(* Call an arc e forced by a if every s-t path through a contains e.  The
   arcs of ext(a) are exactly the arcs forced by a, so ext(a) is safe: every
   cover has a path through a.
   An arc uv strictly s-dominating some arc is the only arc entering tgt uv,
   and it is then the immediate s-dominator of every arc leaving tgt uv; so
   the leaves of the s-dominator tree are the arcs that strictly s-dominate
   nothing.  For such a non-leaf, compression gives two arcs leaving tgt uv,
   and two arcs with the same tail never lie on a common path of a DAG, so
   one of them, g, is not forced by uv although it forces uv: ext(g) is a
   safe proper extension of ext(uv).
   Conversely, if uv is a leaf of both trees, every arc f <> uv lies on an
   s-t path avoiding uv.  Given an arc e not forced by uv, these paths and an
   s-t path through uv avoiding e form a cover none of whose paths contains
   both uv and e, so no safe sequence contains ext(uv) and e.  A safe proper
   extension of ext(uv) must contain such an e, since safe sequences are
   sorted by reachability and hence determined by their set of arcs.
   Reversing all arcs exchanges the two dominator trees. *)

Section Paths.
Variables (V E : finType) (src tgt : E -> V).

Definition acyclic : Prop := forall x p, is_path src tgt x p x -> p = [::].

Definition forced (s t : V) (a e : E) : Prop :=
  forall P, is_path src tgt s P t -> a \in P -> e \in P.

Definition reachesb : rel E := fun a b => `[< reaches src tgt a b >].

Lemma is_path_catI x p1 z p2 y :
  is_path src tgt x p1 z -> is_path src tgt z p2 y ->
  is_path src tgt x (p1 ++ p2) y.
Proof.
elim: p1 x => [|e p1 IH] x /=; first by move/eqP->.
by case/andP=> -> /IH; apply.
Qed.

Lemma is_path_cat_cons x p1 e p2 y :
  is_path src tgt x (p1 ++ e :: p2) y =
  is_path src tgt x p1 (src e) && is_path src tgt (tgt e) p2 y.
Proof.
elim: p1 x => [|f p1 IH] x /=; first by rewrite eq_sym.
by rewrite IH andbA.
Qed.

Lemma bridgeN x y e :
  ~ bridge src tgt x y e -> exists2 p, is_path src tgt x p y & e \notin p.
Proof. by move=> /existsNP[p /not_implyP[pp /negP ep]]; exists p. Qed.

Lemma reachesb_trans : transitive reachesb.
Proof.
move=> b a c /asboolP[p pp] /asboolP[q qq]; apply/asboolP.
by exists (p ++ b :: q); rewrite is_path_cat_cons pp.
Qed.

Lemma is_path_sorted x p y : is_path src tgt x p y -> sorted reachesb p.
Proof.
case: p => [|e p] //= /andP[_]; elim: p e => [|f p IH] e //= /andP[/eqP fe pp].
by rewrite (IH f pp) andbT; apply/asboolP; exists [::]; rewrite /= fe.
Qed.

Lemma arc_sequenceP X : arc_sequence src tgt X <-> sorted reachesb X.
Proof.
split=> [|/sortedP srt e0 i lt]; last exact/asboolP/srt.
by case: X => // x X seqX; apply/(sortedP x) => i lt; apply/asboolP/seqX.
Qed.

Section Acyclic.
Hypothesis acyc : acyclic.

Lemma no_path_tgt_src e q : ~ is_path src tgt (tgt e) q (src e).
Proof.
by move=> qp; have /acyc : is_path src tgt (src e) (e :: q) (src e) by rewrite /= eqxx.
Qed.

Lemma path_from_tgt_notin e q y : is_path src tgt (tgt e) q y -> e \notin q.
Proof.
apply: contraTN => /splitPr[q1 q2]; rewrite is_path_cat_cons.
by apply/nandP; left; apply/negP/no_path_tgt_src.
Qed.

Lemma reachesb_irr : irreflexive reachesb.
Proof. by move=> a; apply/negP => /asboolP[p /no_path_tgt_src]. Qed.

Lemma path_src_inj x q y f0 f1 :
  is_path src tgt x q y -> f0 \in q -> f1 \in q -> src f0 = src f1 -> f0 = f1.
Proof.
move=> qp f0q; case/splitPr: f0q qp => q1 q2.
rewrite is_path_cat_cons mem_cat in_cons => /andP[q1p q2p] /or3P[f1q1|/eqP//|f1q2] same.
- case/splitPr: f1q1 q1p => r1 r2; rewrite is_path_cat_cons same.
  by case/andP=> _ /no_path_tgt_src.
- case/splitPr: f1q2 q2p => r1 r2; rewrite is_path_cat_cons -same.
  by case/andP=> /no_path_tgt_src.
Qed.

End Acyclic.
End Paths.

Section Reversal.
Variables (V E : finType) (src tgt : E -> V).

Lemma is_path_rev x p y : is_path tgt src y (rev p) x = is_path src tgt x p y.
Proof.
elim: p x => [|e p IH] x /=; first by rewrite eq_sym.
by rewrite rev_cons -cats1 is_path_cat_cons IH /= andbC.
Qed.

Lemma bridge_rev x y e : bridge tgt src y x e <-> bridge src tgt x y e.
Proof.
split=> b p pp; rewrite -mem_rev; apply: b; first by rewrite is_path_rev.
by rewrite -is_path_rev revK.
Qed.

Lemma sdom_rev t a b : sdom tgt src t a b <-> tdom src tgt t a b.
Proof.
by split=> -[->|dom]; [left | right; apply/bridge_rev | left | right; apply/bridge_rev].
Qed.

Lemma strict_sdom_rev t a b :
  strict_sdom tgt src t a b <-> strict_tdom src tgt t a b.
Proof. by rewrite /strict_sdom /strict_tdom sdom_rev. Qed.

Lemma idom_s_rev t a b : idom_s tgt src t a b <-> idom_t src tgt t a b.
Proof.
rewrite /idom_s /idom_t strict_sdom_rev.
by split=> -[strict dom]; split=> // x /strict_sdom_rev/dom/sdom_rev.
Qed.

Lemma leaf_s_rev t a : leaf_s tgt src t a <-> leaf_t src tgt t a.
Proof. by split=> leaf cd /idom_s_rev; apply: leaf. Qed.

Lemma acyclic_rev : acyclic src tgt -> acyclic tgt src.
Proof.
by move=> acyc x p; rewrite -[p]revK is_path_rev => /acyc ->.
Qed.

Lemma forced_rev s t a e : forced tgt src t s a e <-> forced src tgt s t a e.
Proof.
split=> frc P Pst aP; rewrite -mem_rev; apply: frc; rewrite ?mem_rev //.
  by rewrite is_path_rev.
by rewrite -is_path_rev revK.
Qed.

End Reversal.

Section SourceSide.
Variables (V E : finType) (src tgt : E -> V) (s t : V).
Hypothesis acyc : acyclic src tgt.
Hypothesis from_s : forall v, exists p, is_path src tgt s p v.
Hypothesis to_t : forall v, exists q, is_path src tgt v q t.
Hypothesis compressed : arc_compressed src tgt.

Lemma strict_sdom_bridge uv f : strict_sdom src tgt s uv f ->
  bridge src tgt s (tgt uv) uv /\ exists g, src g = tgt uv.
Proof.
case=> -[eq|dom] neq; first by case: neq.
have [p pp] := from_s (src f).
have uvp := dom _ pp; move: pp; case/splitPr: uvp => p1 p2.
rewrite is_path_cat_cons => /andP[_ p2p].
split=> [w wp|].
  have := dom _ (is_path_catI wp p2p).
  by rewrite mem_cat (negbTE (path_from_tgt_notin acyc p2p)) orbF.
by case: p2 p2p => [/eqP->|g p2 /andP[/eqP gsrc _]]; [exists f | exists g].
Qed.

Lemma idom_s_out_arc uv g : bridge src tgt s (tgt uv) uv -> src g = tgt uv ->
  idom_s src tgt s uv g.
Proof.
move=> b gsrc; have uvNg : uv <> g.
  move=> eq; subst g; apply: (no_path_tgt_src acyc (e := uv) (q := [::])).
  by rewrite /= gsrc.
split=> [|x [[eq|xdom] xNg]]; first by split=> //; right; rewrite gsrc.
  by case: xNg.
case: (eqVneq x uv) => [->|xNuv]; [by left | right => r rp].
have := xdom (r ++ [:: uv]).
by rewrite is_path_cat_cons rp gsrc /= eqxx mem_cat mem_seq1 (negbTE xNuv) orbF; apply.
Qed.

Lemma leaf_sP uv : leaf_s src tgt s uv <-> forall f, ~ strict_sdom src tgt s uv f.
Proof.
split=> [leaf f /strict_sdom_bridge[b [g gsrc]] | nodom cd [strict _]].
  exact: leaf (idom_s_out_arc b gsrc).
exact: nodom strict.
Qed.

Lemma bridge_unique_in_arc uv g :
  bridge src tgt s (tgt uv) uv -> tgt g = tgt uv -> g = uv.
Proof.
move=> b gtgt; case: (eqVneq g uv) => // gNuv.
have [w wp] := from_s (src g).
have wg : is_path src tgt s (w ++ [:: g]) (tgt uv) by rewrite is_path_cat_cons wp /= gtgt.
have := b _ wg; rewrite mem_cat mem_seq1 eq_sym (negbTE gNuv) orbF => uvw.
move: wp; case/splitPr: uvw => w1 w2; rewrite is_path_cat_cons -gtgt.
by case/andP=> _ /(no_path_tgt_src acyc).
Qed.

Lemma forcedE a e : forced src tgt s t a e <->
  bridge src tgt s (src a) e \/ e = a \/ bridge src tgt (tgt a) t e.
Proof.
split=> [frc | ebr P + aP]; last first.
  case/splitPr: aP => P1 P2; rewrite is_path_cat_cons mem_cat in_cons.
  case/andP=> P1p P2p.
  by case: ebr => [/(_ _ P1p)->|[->|/(_ _ P2p)->]]; rewrite ?eqxx ?orbT.
apply: contrapT => /not_orP[/bridgeN[p pp ep] /not_orP[/eqP eNa /bridgeN[q qq eq]]].
have : is_path src tgt s (p ++ a :: q) t by rewrite is_path_cat_cons pp.
move=> /frc; rewrite !mem_cat !in_cons eqxx orbT => /(_ isT).
by rewrite (negbTE ep) (negbTE eNa) (negbTE eq).
Qed.

Lemma mem_ext a X e : is_ext src tgt s t a X -> e \in X <-> forced src tgt s t a e.
Proof.
case=> p [q [pp qq ->]]; rewrite forcedE mem_cat in_cons !mem_filter.
split=> [/or3P[/andP[/asboolP b _]|/eqP->|/andP[/asboolP b _]]|].
- by left.
- by right; left.
- by right; right.
case=> [b|[->|b]]; rewrite ?eqxx ?orbT //.
  by rewrite (b _ pp) (asboolT b).
by rewrite (b _ qq) (asboolT b) !orbT.
Qed.

Lemma mem_ext_arc a X : is_ext src tgt s t a X -> a \in X.
Proof. by case=> p [q [_ _ ->]]; rewrite mem_cat mem_head orbT. Qed.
☆ ☆ ☆ ☆ ☆ ☆ ☆
Prompt:
In the listing above, find the line with "one of them, g, is" and the line with "sorted by reachability". Output those two lines and every line between them, exactly as written.

Expected output:
   one of them, g, is not forced by uv although it forces uv: ext(g) is a
   safe proper extension of ext(uv).
   Conversely, if uv is a leaf of both trees, every arc f <> uv lies on an
   s-t path avoiding uv.  Given an arc e not forced by uv, these paths and an
   s-t path through uv avoiding e form a cover none of whose paths contains
   both uv and e, so no safe sequence contains ext(uv) and e.  A safe proper
   extension of ext(uv) must contain such an e, since safe sequences are
   sorted by reachability and hence determined by their set of arcs.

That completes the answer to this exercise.